Whether watching a film at the cinema or binge-watching a series on Netflix, you’ve probably tried to guess how the story ends. Our ability to make predictions extends beyond our TV habits: think of how we correctly step out of the way of an oncoming pedestrian, or how tennis players estimate the direction of the ball from their opponent’s movements.
While recognizing and reacting to the various future actions of other humans and objects before they happen comes naturally to us, teaching computers to do so is not as simple. However, this ability, also known as action anticipation, is critical for technologies that are involved in human-machine interactions such as virtual assistants and self-driving cars.

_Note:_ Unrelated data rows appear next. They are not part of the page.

(* Let $\langle\cdot,\cdot\rangle$ be an inner product on $\mathrm{span}(\mathcal{H})$ and let $d(A,B)=\langle h_A-h_B,h_A-h_B\rangle^{1/2}$ for $A,B\in\mathcal{K}_n$. Let $A_1,\dots,A_N\in\mathcal{K}_n$ with $N\geq 1$. Then the convex body $X\in\mathcal{K}_n$ minimizing $\sum_{i=1}^N d(A_i,X)^2$ is $X=\frac{1}{N}\sum_{i=1}^N A_i$ (Minkowski sum).
   Context: A convex body is a closed, bounded, non-empty convex subset of $\mathbb{R}^n$; $\mathcal{K}_n$ is the set of convex bodies in $\mathbb{R}^n$ with Minkowski addition and nonnegative scaling. The support function of $A$ is $h_A(x)=\sup\{a\cdot x: a\in A\}$; $\mathcal{H}=\{h_A : A\in\mathcal{K}_n\}$ and $\mathrm{span}(\mathcal{H})$ is its linear span among real functions on $\mathbb{R}^n$. *)

From HB Require Import structures.
From mathcomp Require Import all_boot all_order all_algebra.
From mathcomp Require Import all_classical all_reals all_analysis.
Set Implicit Arguments. Unset Strict Implicit. Unset Printing Implicit Defensive.
Import Order.TTheory GRing.Theory Num.Theory.
Import numFieldNormedType.Exports.
Local Open Scope classical_set_scope.
Local Open Scope ring_scope.

Section ConvexBodies.
Variables (R : realType) (n : nat).
Local Notation V := 'rV[R]_n.

Definition dotv (a x : V) : R := \sum_(i < n) a ord0 i * x ord0 i.

Definition convex_setv (A : set V) : Prop :=
  forall x y (t : R), A x -> A y -> 0 <= t -> t <= 1 -> A (t *: x + (1 - t) *: y).

Definition convex_body (A : set V) : Prop :=
  [/\ closed A, bounded_set A, A !=set0 & convex_setv A].

Definition support (A : set V) : V -> R :=
  fun x => sup [set dotv a x | a in A].

Definition mink_sum (A B : set V) : set V := [set a + b | a in A & b in B].
Definition mink_scale (c : R) (A : set V) : set V := [set c *: a | a in A].

Definition spanH (f : V -> R) : Prop :=
  exists (k : nat) (c : 'I_k -> R) (B : 'I_k -> set V),
    (forall j, convex_body (B j)) /\
    f = (fun x => \sum_(j < k) c j * support (B j) x).

(* an inner product on span(H) (values of ip outside span(H) are irrelevant) *)
Definition inner_product_on_spanH (ip : (V -> R) -> (V -> R) -> R) : Prop :=
  [/\ forall f g, spanH f -> spanH g -> ip f g = ip g f,
      forall (a : R) f g k, spanH f -> spanH g -> spanH k ->
        ip (fun x => a * f x + g x) k = a * ip f k + ip g k
    & forall f, spanH f -> f <> (fun _ => 0) -> 0 < ip f f].

Definition dist_ip (ip : (V -> R) -> (V -> R) -> R) (A B : set V) : R :=
  Num.sqrt (ip (fun x => support A x - support B x) (fun x => support A x - support B x)).

End ConvexBodies.

From Pilot Require Import Defs.
From HB Require Import structures.
From mathcomp Require Import all_boot all_order all_algebra.
From mathcomp Require Import all_classical all_reals all_analysis.
From mathcomp Require Import ring lra.
Set Implicit Arguments. Unset Strict Implicit. Unset Printing Implicit Defensive.
Import Order.TTheory GRing.Theory Num.Theory.
Import numFieldNormedType.Exports.
Local Open Scope classical_set_scope.
Local Open Scope ring_scope.

(* The support function is additive under Minkowski sums and positively
   homogeneous, so h_M is the mean of the h_{A_i}.  In the inner product space
   span(H) the deviations h_{A_i} - h_M sum to zero, hence
   sum_i d(A_i, X)^2 = sum_i d(A_i, M)^2 + N <h_M - h_X, h_M - h_X>,
   so M minimizes, and any other minimizer X has h_X = h_M.  A convex body is
   determined by its support function: a point x of X outside M is separated
   from M by the hyperplane orthogonal to x - p, p the point of M nearest to x,
   giving h_X(x - p) > h_M(x - p). *)

Section DotProduct.
Variables (R : realType) (n : nat).
Implicit Types (a b x : 'rV[R]_n).

Lemma dotvC a x : dotv a x = dotv x a.
Proof. by apply: eq_bigr => i _; rewrite mulrC. Qed.

Lemma dotvDl a b x : dotv (a + b) x = dotv a x + dotv b x.
Proof. by rewrite /dotv -big_split; apply: eq_bigr => i _; rewrite mxE mulrDl. Qed.

Lemma dotvZl c a x : dotv (c *: a) x = c * dotv a x.
Proof. by rewrite /dotv mulr_sumr; apply: eq_bigr => i _; rewrite mxE mulrA. Qed.

Lemma dotv0l x : dotv 0 x = 0.
Proof. by rewrite -(scale0r 0) dotvZl mul0r. Qed.

Lemma dotvBl a b x : dotv (a - b) x = dotv a x - dotv b x.
Proof. by rewrite dotvDl -scaleN1r dotvZl mulN1r. Qed.

Lemma dotv_ge0 a : 0 <= dotv a a.
Proof. by rewrite sumr_ge0 // => i _; rewrite -expr2 sqr_ge0. Qed.

Lemma dotv_gt0 a : a != 0 -> 0 < dotv a a.
Proof.
move=> a0; rewrite lt_def dotv_ge0 andbT; apply: contra a0.
rewrite psumr_eq0 => [/allP a_eq0|i _]; last by rewrite -expr2 sqr_ge0.
apply/eqP/rowP => i; rewrite mxE.
by have /= := a_eq0 i (mem_index_enum i); rewrite mulf_eq0 orbb => /eqP.
Qed.

Lemma dotv_sqr_subZ a b t :
  dotv (a - t *: b) (a - t *: b) = dotv a a - 2 * t * dotv a b + t ^+ 2 * dotv b b.
Proof.
rewrite !dotvBl !dotvZl [dotv a _]dotvC [dotv b _]dotvC !dotvBl !dotvZl [dotv b a]dotvC.
by rewrite expr2; ring.
Qed.

Lemma continuous_dotv (T : topologicalType) (f g : T -> 'rV[R]_n) :
  continuous f -> continuous g -> continuous (fun t => dotv (f t) (g t)).
Proof.
move=> cf cg; apply: continuous_big => [z|i _ t].
  by apply: cvgD; [exact: cvg_fst | exact: cvg_snd].
by apply: continuousM; [exact: continuous_comp (cf t) (@coord_continuous R 1 n ord0 i _)
                      | exact: continuous_comp (cg t) (@coord_continuous R 1 n ord0 i _)].
Qed.

End DotProduct.

Lemma sup_scaleE (R : realType) (c : R) (S : set R) :
  0 < c -> has_sup S -> sup [set c * y | y in S] = c * sup S.
Proof.
move=> c0 [[y0 Sy0] [m ubm]].
have cS0 : [set c * y | y in S] !=set0 by exists (c * y0), y0.
have ubcS : ubound [set c * y | y in S] (c * sup S).
  by move=> _ [y Sy <-]; rewrite ler_pM2l //; apply: ub_le_sup => //; exists m.
apply/le_anti; rewrite ge_sup //= -ler_pdivlMl //.
apply: ge_sup; first by exists y0.
move=> y Sy; rewrite ler_pdivlMl //; apply: ub_le_sup; last by exists y.
by exists (c * sup S).
Qed.

Section ConvexBodies.
Variables (R : realType) (n : nat).
Local Notation V := 'rV[R]_n.
Implicit Types (A B X Y : set V) (x : V).

Lemma convex_bodyP A : convex_body A <-> [/\ compact A, A !=set0 & convex_setv A].
Proof.
split=> [[clA bdA A0 cvA]|[cA A0 cvA]]; first by split => //; exact: bounded_closed_compact.
by split => //; [exact: compact_closed (@norm_hausdorff _ _) cA | exact: compact_bounded].
Qed.

Lemma compact_mink_sum A B : compact A -> compact B -> compact (mink_sum A B).
Proof.
move=> cA cB; have -> : mink_sum A B = (fun z : V * V => z.1 + z.2) @` (A `*` B).
  apply/seteqP; split => z.
  - by case=> a Aa [b Bb <-]; exists (a, b).
  - by case=> -[a b] [/= Aa Bb] <-; exists a => //; exists b.
apply: continuous_compact; last exact: compact_setX.
by apply: continuous_subspaceT => z; apply: cvgD; [exact: cvg_fst | exact: cvg_snd].
Qed.

Lemma compact_mink_scale c A : compact A -> compact (mink_scale c A).
Proof.
move=> cA; apply: continuous_compact => //; apply: continuous_subspaceT => z.
by apply: continuousZl_tmp; exact: cvg_id.
Qed.

Lemma convex_mink_sum A B : convex_setv A -> convex_setv B -> convex_setv (mink_sum A B).
Proof.
move=> cvA cvB _ _ t [a Aa [b Bb <-]] [a' Aa' [b' Bb' <-]] t0 t1.
exists (t *: a + (1 - t) *: a'); first exact: cvA.
by exists (t *: b + (1 - t) *: b'); [exact: cvB | rewrite !scalerDr addrACA].
Qed.

Lemma convex_mink_scale c A : convex_setv A -> convex_setv (mink_scale c A).
Proof.
move=> cvA _ _ t [a Aa <-] [a' Aa' <-] t0 t1.
exists (t *: a + (1 - t) *: a'); first exact: cvA.
by rewrite scalerDr !scalerA mulrC [(1 - t) * c]mulrC.
Qed.
Definition nbhd (v : T) : {set T} := [set w | e v w].

(** One round of zero forcing: every blue vertex v with exactly one white
    neighbour w turns w blue. (Forcing is monotone, so performing all
    available forces simultaneously yields the same final colouring.) *)
Definition zf_step (B : {set T}) : {set T} :=
  B :|: [set w | [exists v in B, nbhd v :\: B == [set w]]].

Definition zf_closure (B : {set T}) : {set T} := iter #|T| zf_step B.

Definition zero_forcing_set (B : {set T}) : bool := zf_closure B == setT.

Definition Zf : nat :=
  \big[minn/#|T|]_(B : {set T} | zero_forcing_set B) #|B|.

Definition Zbar : nat :=
  \max_(B : {set T} | minset zero_forcing_set B) #|B|.

Definition fort (F : {set T}) : bool :=
  (F != set0) && [forall v, (v \notin F) ==> (#|nbhd v :&: F| != 1)].

Definition private_fort (S : {set T}) (x : T) (F : {set T}) : bool :=
  fort F && (S :&: F == [set x]).

Definition ZIr_set (S : {set T}) : bool :=
  [forall x in S, exists F : {set T}, private_fort S x F].

Definition zir : nat :=
  \big[minn/#|T|]_(S : {set T} | maxset ZIr_set S) #|S|.

Definition ZIR : nat :=
  \max_(S : {set T} | maxset ZIr_set S) #|S|.

End Graph.

(** The graph H(r,s) on vertex set {0,...,r+s}:
    0 = u, 1..r = w_1..w_r, r+j = y_j (1 <= j <= s), and u' = y_s = r+s.
    Edges: u w_i, u' w_i (all i), y_j y_(j+1) (1 <= j < s). *)
Definition H_adj_nat (r s x y : nat) : bool :=
  let isw i := (1 <= i <= r) in
  let isy i := (r + 1 <= i <= r + s) in
  [|| (x == 0) && isw y, (y == 0) && isw x,
      (x == r + s) && isw y, (y == r + s) && isw x,
      [&& isy x, isy y & y == x.+1] | [&& isy x, isy y & x == y.+1] ].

“Action anticipation models should be able to account for future uncertainties. For the same observations, there are numerous plausible futures and these models should be able to predict all of them accurately,” said Basura Fernando, a scientist at A*STAR’s Institute of High Performance Computing (IHPC) and recipient of an A*STAR scholarship.
Together with Samitha Herath, Research Fellow at Monash University in Australia, Fernando developed a framework for an action anticipation model that correlates past observations with future actions and then uses these correlations to extract predictions from current observations. Although the concept of linking past and future is not new, the researchers’ framework incorporates algorithms that maximize the correlations and look for the strongest links between observed representations and future behaviors.
To achieve this, Fernando’s team developed new similarity measures, functions that quantify how related two objects are. For example, one function checks the similarity of cross-correlation properties between all features or dimensions, rather than just between the same features. Another evaluates the covariance of observed and future events in the data set, analyzing the relationship between their movements or trends.
“These similarity measures look at higher-order information within a vector space,” Fernando explained. “Correct similarity measures help ensure that the computer model learns effective representations of human behaviors through videos, allowing us to maximize the correlations.”
The researchers’ model was first trained using videos of various scenes, extracting correlation rules between the past and future events shown. When tested on another set of videos, their model was able to apply these correlations to predict future actions with higher accuracy than models using other similarity measures.
With even better algorithms in mind, the researchers aim to further research the theoretical properties of their new similarity measures and create a framework that covers risk calculations in action anticipation.
The A*STAR-affiliated researchers contributing to this research are from the Institute of High Performance Computing (IHPC).